Melissa’s looking for shells like the rest of us, but she’s careful not to get her fingers or her clothes dirty. How she expects to find anything scratching so dainty-like is beyond me. Straightening up, she walks over to Lottie. Her eye makeup has sweated into the corners of her eyes.
“Do like this,” Lottie says, making a motion with her fingers. It’s official, then; they’re really friends now. But I remind myself that Lottie dragged Melissa all the way to my house, passing these very woods just to come get me. That has to mean something.
Melissa digs the black goop from the inside corners of her eyes. “Are you sure there are shells here?” she asks. “We’re not even by the ocean.”
“There’s shells everywhere,” I say. “Even mounds built out of shells.”
Melissa just looks at me. “Well, if this river flows down to the ocean, I don’t see how shells could be here.”
“Shows how much you know,” I say. I scoop a little brown shell from the dirt and hold it up for her inspection. “Besides,” I say, “this river doesn’t flow south—it flows north.”
Melissa puts her hands on her hips. “All rivers flow south.”
Lottie waves her stick. “Actually, this one does flow north. We learned it in school.”
Melissa looks like she doesn’t believe her. She starts to lean against a tree, thinks better of it, and just stands there. She drops her stick. “We’re not going to find anything.”
“Who’s crossing this bridge with me?” Eddie calls out. He’s halfway there.
Melissa almost pops off the ground. “I’ll do it!”
He looks at her, then over to me. “Violet? You coming?”
I look down to my shell digging. “Can’t,” I yell back. “I think I found a tiny shell mound.”
“I’ll still go,” Melissa says.
Eddie looks at her and shakes his head. “I guess we came for shells anyway.” He trudges back, passes her, and crouches next to me.
The dead branches of a tree near the river’s edge look like they might work better than the stick I already have. I walk over and snap one off, and something catches my eye, something floating in the water that wasn’t there before.

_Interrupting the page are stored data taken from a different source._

(* Assume (A1), (A2), (A3). Then for all $x,v\in\mathbb R^d$ and every probability measure $\mu$ on $\mathbb R^d$ with finite first moment, \[H(x,v)\ge24U(x)+\lambda|x|^2+12\Big|v+\frac x2\Big|^2,\] \[\mathcal L_\mu H(x,v)\le B+L_W(6+8\lambda)\Big(\int|y|\,d\mu(y)\Big)^2-\Big(\frac34\lambda+\lambda^2\Big)|x|^2-\gamma H(x,v),\] \[\mathcal L_\mu H(x,v)\le B+\Big(\Big(\int|y|\,d\mu(y)\Big)^2-|x|^2\Big)\Big(\frac34\lambda+\lambda^2\Big)-\gamma H(x,v).\] In particular $H$ is non-negative and tends to $+\infty$ at infinity.
   Context: $U,W\in\mathcal C^1(\mathbb R^d)$. (A1): $U\ge0$ and there exist $\lambda>0$, $A\ge0$ with $\tfrac12\nabla U(x)\cdot x\ge\lambda(U(x)+|x|^2/4)-A$ for all $x$. (A2): $\nabla U$ is $L_U$-Lipschitz. (A3): $W$ even, $\nabla W$ is $L_W$-Lipschitz, $L_W<\lambda/8$. Fix $\tilde A\ge0$ with $U(x)\ge\frac\lambda6|x|^2-\tilde A$ for all $x$ (such a constant exists). Set $\gamma=\frac{\lambda}{2(\lambda+1)}$, $B=24(A+(\lambda-\gamma)\tilde A+d)$, and \[H(x,v)=24U(x)+(6(1-\gamma)+\lambda)|x|^2+12x\cdot v+12|v|^2.\] For $\mu$ with finite first moment, $\mathcal L_\mu\phi(x,v)=v\cdot\nabla_x\phi-(v+\nabla U(x)+\nabla W*\mu(x))\cdot\nabla_v\phi+\Delta_v\phi$, where $\nabla W*\mu(x)=\int\nabla W(x-y)\mu(dy)$. *)

From HB Require Import structures.
From mathcomp Require Import all_boot all_order all_algebra.
From mathcomp Require Import all_classical all_reals all_analysis.

Set Implicit Arguments.
Unset Strict Implicit.
Unset Printing Implicit Defensive.

Import Order.TTheory GRing.Theory Num.Theory.
Import numFieldNormedType.Exports.

Local Open Scope classical_set_scope.
Local Open Scope ring_scope.

Notation vec R d := 'rV[R]_d.

Section Defs.
Variables (R : realType) (d : nat).
Local Notation vec := 'rV[R]_d.

Definition dotp (u w : vec) : R := \sum_(i < d) u ord0 i * w ord0 i.
Definition enorm (u : vec) : R := Num.sqrt (dotp u u).

Definition ebasis (i : 'I_d) : vec := delta_mx ord0 i.

Definition grad (f : vec -> R) (x : vec) : vec :=
  \row_(i < d) ('D_(ebasis i) f) x.

Definition lapl (f : vec -> R) (x : vec) : R :=
  \sum_(i < d) ('D_(ebasis i) ('D_(ebasis i) f)) x.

My breath comes out in puffs. My legs are paralyzed. A forehead floats through the river, two yellow eyes that pretend not to see me. Floating close so gently, he don’t even make a ripple. Then his ridgy back breaks through the surface. I scream and stumble back.

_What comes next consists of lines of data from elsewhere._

(* Let $(\Omega,\mu)$ be a measure space with a $\sigma$-additive $\sigma$-finite measure, let $G$ be a discrete group, and let $\{\theta_g\}_{g\in G}$ be a group of (algebra) automorphisms of $L^\infty_\mu(\Omega)$ (with $\theta_{gh}=\theta_g\theta_h$). Let $M$ be the maximal ideal space of $L^\infty_\mu(\Omega)$, $\Gamma:L^\infty_\mu(\Omega)\to C(M)$ the Gelfand isomorphism, and let $t_g:M\to M$ be the homeomorphisms such that $\Gamma(\theta_g(z))(m)=\Gamma(z)(t_g^{-1}(m))$ for all $z\in L^\infty_\mu(\Omega)$, $m\in M$. For each class $\Delta$ of measurable sets (modulo null sets) define $\alpha_g(\Delta)$ by $\theta_g(\chi_\Delta)=\chi_{\alpha_g(\Delta)}$. Then the following are equivalent: (a) $G$ acts metrically freely, i.e. for every finite set $\{g_1,\dots,g_k\}\subset G$ and every measurable $\Delta$ with $\mu(\Delta)>0$ there exists a measurable $\Delta'\subset\Delta$ with $\mu(\Delta')>0$ and $\mu(\alpha_{g_i}(\Delta')\cap\alpha_{g_j}(\Delta'))=0$ for all $i\ne j$; (b) $G$ acts topologically freely on $M$, i.e. for every finite set $\{g_1,\dots,g_k\}\subset G$ and every nonempty open $U\subset M$ there exists a nonempty open $V\subset U$ with $t_{g_i}(V)\cap t_{g_j}(V)=\emptyset$ for all $i\neq j$.
   Context: $\chi_\Delta$ denotes the characteristic function of $\Delta$ in $L^\infty_\mu(\Omega)$; since $\theta_g(\chi_\Delta)$ is again an idempotent of $L^\infty_\mu(\Omega)$, it is the characteristic function of a (class of) measurable set, which is denoted $\alpha_g(\Delta)$. $\mu(\Delta)>0$ iff $\chi_\Delta\neq 0$. *)

From HB Require Import structures.
From mathcomp Require Import all_boot all_order all_algebra.
From mathcomp Require Import all_classical all_reals all_analysis.
From mathcomp Require Import complex.
Set Implicit Arguments. Unset Strict Implicit. Unset Printing Implicit Defensive.
Import Order.TTheory GRing.Theory Num.Theory.
Local Open Scope classical_set_scope.
Local Open Scope ring_scope.

Section Linfty.
Context {d : measure_display} {T : measurableType d} {R : realType}.
Variable mu : {measure set T -> \bar R}.
Local Notation C := (R[i]).

Definition Linf (f : T -> C) : Prop :=
  [/\ measurable_fun setT (fun x => complex.Re (f x)),
      measurable_fun setT (fun x => complex.Im (f x)) &
      exists c : R, {ae mu, forall x, `|complex.Re (f x)| <= c /\ `|complex.Im (f x)| <= c}].

Definition aeeq (f g : T -> C) : Prop := {ae mu, forall x, f x = g x}.

Definition chi (A : set T) : T -> C := fun x => if `[< A x >] then 1 else 0.

(* theta acts on representatives and induces a (complex, unital) algebra
   automorphism of L^oo_mu(Omega) = {Linf functions} / aeeq. *)
Definition Linf_automorphism (th : (T -> C) -> (T -> C)) : Prop :=
  [/\ forall f, Linf f -> Linf (th f),
      forall f g, Linf f -> Linf g -> aeeq f g -> aeeq (th f) (th g),
      [/\ 
      forall (a : C) f g, Linf f -> Linf g ->
        aeeq (th (fun x => a * f x + g x)) (fun x => a * th f x + th g x),
      forall f g, Linf f -> Linf g ->
        aeeq (th (fun x => f x * g x)) (fun x => th f x * th g x) &
      aeeq (th (fun _ => 1)) (fun _ => 1)],
      forall f, Linf f -> aeeq (th f) (fun _ => 0) -> aeeq f (fun _ => 0) &
      forall h, Linf h -> exists2 f, Linf f & aeeq (th f) h].

(* Points of the maximal ideal space M of L^oo: the characters (nonzero
   multiplicative linear functionals) of L^oo, represented as functionals on
   representatives which are compatible with aeeq, and normalized to be 0
   outside L^oo (so that each character has exactly one representative). *)
Definition character (phi : (T -> C) -> C) : Prop :=
  [/\ forall f, ~ Linf f -> phi f = 0,
      forall f g, Linf f -> Linf g -> aeeq f g -> phi f = phi g,
      forall (a : C) f g, Linf f -> Linf g ->
        phi (fun x => a * f x + g x) = a * phi f + phi g,
      forall f g, Linf f -> Linf g ->
        phi (fun x => f x * g x) = phi f * phi g &
      phi (fun _ => 1) = 1].

Definition max_ideal_space : set ((T -> C) -> C) := [set phi | character phi].

Definition gelfand (z : T -> C) (m : (T -> C) -> C) : C := m z.

(* Gelfand (weak-star) topology on M: the coarsest topology making every
   Gamma(z), z in L^oo, continuous. *)
Definition gelfand_open (U : set ((T -> C) -> C)) : Prop :=
  U `<=` max_ideal_space /\
  forall phi, U phi ->
    exists n (zs : 'I_n -> (T -> C)) (e : R),
      [/\ 0 < e, forall i, Linf (zs i) &
          [set psi | max_ideal_space psi /\
             forall i, `|gelfand (zs i) psi - gelfand (zs i) phi| < (e%:C)%C]
          `<=` U].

Everyone scrambles to me. They don’t see him right away. “What? What?” they’re all yelling. I raise my hand and point to the alligator gliding silently toward us.
My face drains.
“It’s him!” Eddie shouts. “It’s Alfred!”
Alligators run up to thirty-five miles per hour. They got eighty teeth. If they catch you, they drag you into the water and hurl you into the death roll.
Lottie grabs my arm. “Let’s go!”
I can’t move. She shakes me, but I can’t move.
“Let’s go!” She shakes me harder.
I snap out of it and turn, running behind her. Melissa’s already running down the path in front of us.
“Where you going?” Eddie yells from the riverbank. “It might be another year before we see him again!”
I don’t answer. I’m too busy escaping. Another year would be okay with me.
20
Lord Almighty, I’m about to collapse by the time we run up to Melissa’s porch. My heart is pounding harder than a jackhammer and I’m wheezing to catch my breath. Sinking to the porch floor, I glance at Lottie and Melissa. Their faces are red, and they’re breathing hard too.
The screen door pops open and Mrs. Gold steps out. “I thought I heard a bunch of elephants jumping on the porch!”
Melissa looks at her mom. She speaks between breaths. “Mom! You wouldn’t believe it! An alligator!”
Mrs. Gold’s smile drops and her eyebrows draw close together. “What?”
“In the river—we saw an alligator in the river!”
Mrs. Gold looks at Lottie and me. “Is that true? Are you sure it wasn’t a log?”
“No, ma’am,” I say. “That was a true alligator. An eight-footer, I’d say.”
Melissa nods.
Mrs. Gold frowns and puts her hands on her hips. “If there was really an alligator, I want you to stay away from that river.” She tips her head at Melissa. “You got me?”
“Don’t worry about that,” Melissa says. “I have no problem staying away from alligators.”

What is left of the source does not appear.